WHAT YOU NEED TO DO :: Set down, please, exactly the lines below that run from the line with "gcd_deg_pos p (iter m (sigmaP s u v) q)." to the line with "forall y z, divides", both lines included.

Records excerpted from a collection:
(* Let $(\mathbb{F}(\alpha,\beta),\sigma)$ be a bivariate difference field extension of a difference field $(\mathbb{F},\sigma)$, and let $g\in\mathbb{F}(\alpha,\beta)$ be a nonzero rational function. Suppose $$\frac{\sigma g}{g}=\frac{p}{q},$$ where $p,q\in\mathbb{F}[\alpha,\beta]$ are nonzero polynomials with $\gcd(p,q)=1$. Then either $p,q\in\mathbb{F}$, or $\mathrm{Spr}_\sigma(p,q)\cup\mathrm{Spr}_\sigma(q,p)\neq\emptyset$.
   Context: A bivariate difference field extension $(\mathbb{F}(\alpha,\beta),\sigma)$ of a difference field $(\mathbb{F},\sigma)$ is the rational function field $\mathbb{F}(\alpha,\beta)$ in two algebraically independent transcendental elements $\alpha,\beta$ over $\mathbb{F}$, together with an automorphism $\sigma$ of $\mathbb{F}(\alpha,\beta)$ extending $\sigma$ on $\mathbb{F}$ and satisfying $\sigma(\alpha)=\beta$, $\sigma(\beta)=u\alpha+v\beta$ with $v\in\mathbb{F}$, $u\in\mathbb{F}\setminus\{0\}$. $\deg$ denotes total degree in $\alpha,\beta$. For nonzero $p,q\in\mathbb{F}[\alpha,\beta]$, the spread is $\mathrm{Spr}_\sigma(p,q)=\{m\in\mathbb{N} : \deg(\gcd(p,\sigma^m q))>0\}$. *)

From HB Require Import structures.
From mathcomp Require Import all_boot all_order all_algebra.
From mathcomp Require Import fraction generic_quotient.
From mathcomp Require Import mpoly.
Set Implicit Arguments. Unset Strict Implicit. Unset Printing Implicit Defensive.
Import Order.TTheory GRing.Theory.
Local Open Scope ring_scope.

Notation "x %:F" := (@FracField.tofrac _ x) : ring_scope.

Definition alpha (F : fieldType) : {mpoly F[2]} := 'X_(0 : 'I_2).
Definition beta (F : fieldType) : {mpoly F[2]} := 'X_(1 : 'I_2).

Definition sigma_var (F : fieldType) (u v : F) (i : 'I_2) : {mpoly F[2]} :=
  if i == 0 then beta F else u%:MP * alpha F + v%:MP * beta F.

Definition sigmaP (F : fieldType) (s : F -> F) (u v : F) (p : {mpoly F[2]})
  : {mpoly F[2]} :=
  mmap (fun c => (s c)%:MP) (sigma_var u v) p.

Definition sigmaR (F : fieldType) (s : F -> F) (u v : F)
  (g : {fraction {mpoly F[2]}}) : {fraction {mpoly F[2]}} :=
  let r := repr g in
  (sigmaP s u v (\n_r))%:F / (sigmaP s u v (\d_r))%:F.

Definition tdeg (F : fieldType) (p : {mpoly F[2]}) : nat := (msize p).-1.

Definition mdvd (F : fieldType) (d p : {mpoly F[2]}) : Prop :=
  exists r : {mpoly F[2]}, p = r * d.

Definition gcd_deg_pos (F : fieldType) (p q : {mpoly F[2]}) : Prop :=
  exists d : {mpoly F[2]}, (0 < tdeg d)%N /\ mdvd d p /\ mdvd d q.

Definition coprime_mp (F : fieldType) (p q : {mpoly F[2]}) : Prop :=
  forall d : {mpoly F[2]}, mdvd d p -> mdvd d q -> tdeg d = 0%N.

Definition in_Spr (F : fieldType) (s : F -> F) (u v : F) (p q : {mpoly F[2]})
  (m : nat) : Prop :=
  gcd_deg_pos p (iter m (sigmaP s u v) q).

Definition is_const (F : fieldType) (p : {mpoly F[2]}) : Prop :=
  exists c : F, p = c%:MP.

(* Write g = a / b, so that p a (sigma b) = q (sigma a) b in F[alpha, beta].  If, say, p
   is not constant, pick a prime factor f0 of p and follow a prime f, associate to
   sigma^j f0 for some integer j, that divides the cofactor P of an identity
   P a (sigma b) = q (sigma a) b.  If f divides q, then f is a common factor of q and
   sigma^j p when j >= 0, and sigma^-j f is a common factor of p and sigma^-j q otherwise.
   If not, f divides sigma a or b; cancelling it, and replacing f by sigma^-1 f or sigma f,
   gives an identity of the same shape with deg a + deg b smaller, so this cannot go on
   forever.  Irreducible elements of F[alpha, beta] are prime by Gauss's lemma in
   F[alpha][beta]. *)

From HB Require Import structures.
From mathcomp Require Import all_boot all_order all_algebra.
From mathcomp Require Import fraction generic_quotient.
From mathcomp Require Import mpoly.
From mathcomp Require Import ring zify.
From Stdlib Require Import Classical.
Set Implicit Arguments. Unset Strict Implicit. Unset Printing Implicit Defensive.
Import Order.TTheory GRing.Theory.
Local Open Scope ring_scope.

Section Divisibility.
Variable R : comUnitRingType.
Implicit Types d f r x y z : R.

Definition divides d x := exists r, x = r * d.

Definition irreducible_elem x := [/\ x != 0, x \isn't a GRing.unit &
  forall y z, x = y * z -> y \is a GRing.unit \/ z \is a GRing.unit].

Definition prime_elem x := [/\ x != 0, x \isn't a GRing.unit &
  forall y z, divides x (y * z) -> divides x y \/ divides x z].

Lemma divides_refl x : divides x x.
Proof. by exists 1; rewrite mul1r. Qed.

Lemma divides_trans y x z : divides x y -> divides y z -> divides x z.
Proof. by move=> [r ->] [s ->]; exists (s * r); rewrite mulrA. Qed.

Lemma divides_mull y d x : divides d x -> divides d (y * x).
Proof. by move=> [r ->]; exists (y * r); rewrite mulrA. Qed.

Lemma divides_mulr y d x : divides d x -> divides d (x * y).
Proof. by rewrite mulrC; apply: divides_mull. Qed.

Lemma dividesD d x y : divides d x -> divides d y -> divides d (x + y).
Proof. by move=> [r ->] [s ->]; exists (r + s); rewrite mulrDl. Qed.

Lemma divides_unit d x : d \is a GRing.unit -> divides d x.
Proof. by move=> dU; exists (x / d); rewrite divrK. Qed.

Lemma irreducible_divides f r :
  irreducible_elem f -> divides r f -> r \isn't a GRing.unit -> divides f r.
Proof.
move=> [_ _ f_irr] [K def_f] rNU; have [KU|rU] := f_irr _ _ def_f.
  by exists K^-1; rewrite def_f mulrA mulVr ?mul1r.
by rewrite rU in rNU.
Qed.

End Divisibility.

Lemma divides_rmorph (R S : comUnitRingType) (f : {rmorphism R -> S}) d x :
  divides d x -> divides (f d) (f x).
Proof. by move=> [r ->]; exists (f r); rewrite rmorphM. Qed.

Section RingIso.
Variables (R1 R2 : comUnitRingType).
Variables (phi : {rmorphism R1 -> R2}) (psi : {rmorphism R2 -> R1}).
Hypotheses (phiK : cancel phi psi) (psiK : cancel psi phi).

SOLUTION TO THE PROBLEM ::
  gcd_deg_pos p (iter m (sigmaP s u v) q).

Definition is_const (F : fieldType) (p : {mpoly F[2]}) : Prop :=
  exists c : F, p = c%:MP.

(* Write g = a / b, so that p a (sigma b) = q (sigma a) b in F[alpha, beta].  If, say, p
   is not constant, pick a prime factor f0 of p and follow a prime f, associate to
   sigma^j f0 for some integer j, that divides the cofactor P of an identity
   P a (sigma b) = q (sigma a) b.  If f divides q, then f is a common factor of q and
   sigma^j p when j >= 0, and sigma^-j f is a common factor of p and sigma^-j q otherwise.
   If not, f divides sigma a or b; cancelling it, and replacing f by sigma^-1 f or sigma f,
   gives an identity of the same shape with deg a + deg b smaller, so this cannot go on
   forever.  Irreducible elements of F[alpha, beta] are prime by Gauss's lemma in
   F[alpha][beta]. *)

From HB Require Import structures.
From mathcomp Require Import all_boot all_order all_algebra.
From mathcomp Require Import fraction generic_quotient.
From mathcomp Require Import mpoly.
From mathcomp Require Import ring zify.
From Stdlib Require Import Classical.
Set Implicit Arguments. Unset Strict Implicit. Unset Printing Implicit Defensive.
Import Order.TTheory GRing.Theory.
Local Open Scope ring_scope.

Section Divisibility.
Variable R : comUnitRingType.
Implicit Types d f r x y z : R.

Definition divides d x := exists r, x = r * d.

Definition irreducible_elem x := [/\ x != 0, x \isn't a GRing.unit &
  forall y z, x = y * z -> y \is a GRing.unit \/ z \is a GRing.unit].

Definition prime_elem x := [/\ x != 0, x \isn't a GRing.unit &
  forall y z, divides x (y * z) -> divides x y \/ divides x z].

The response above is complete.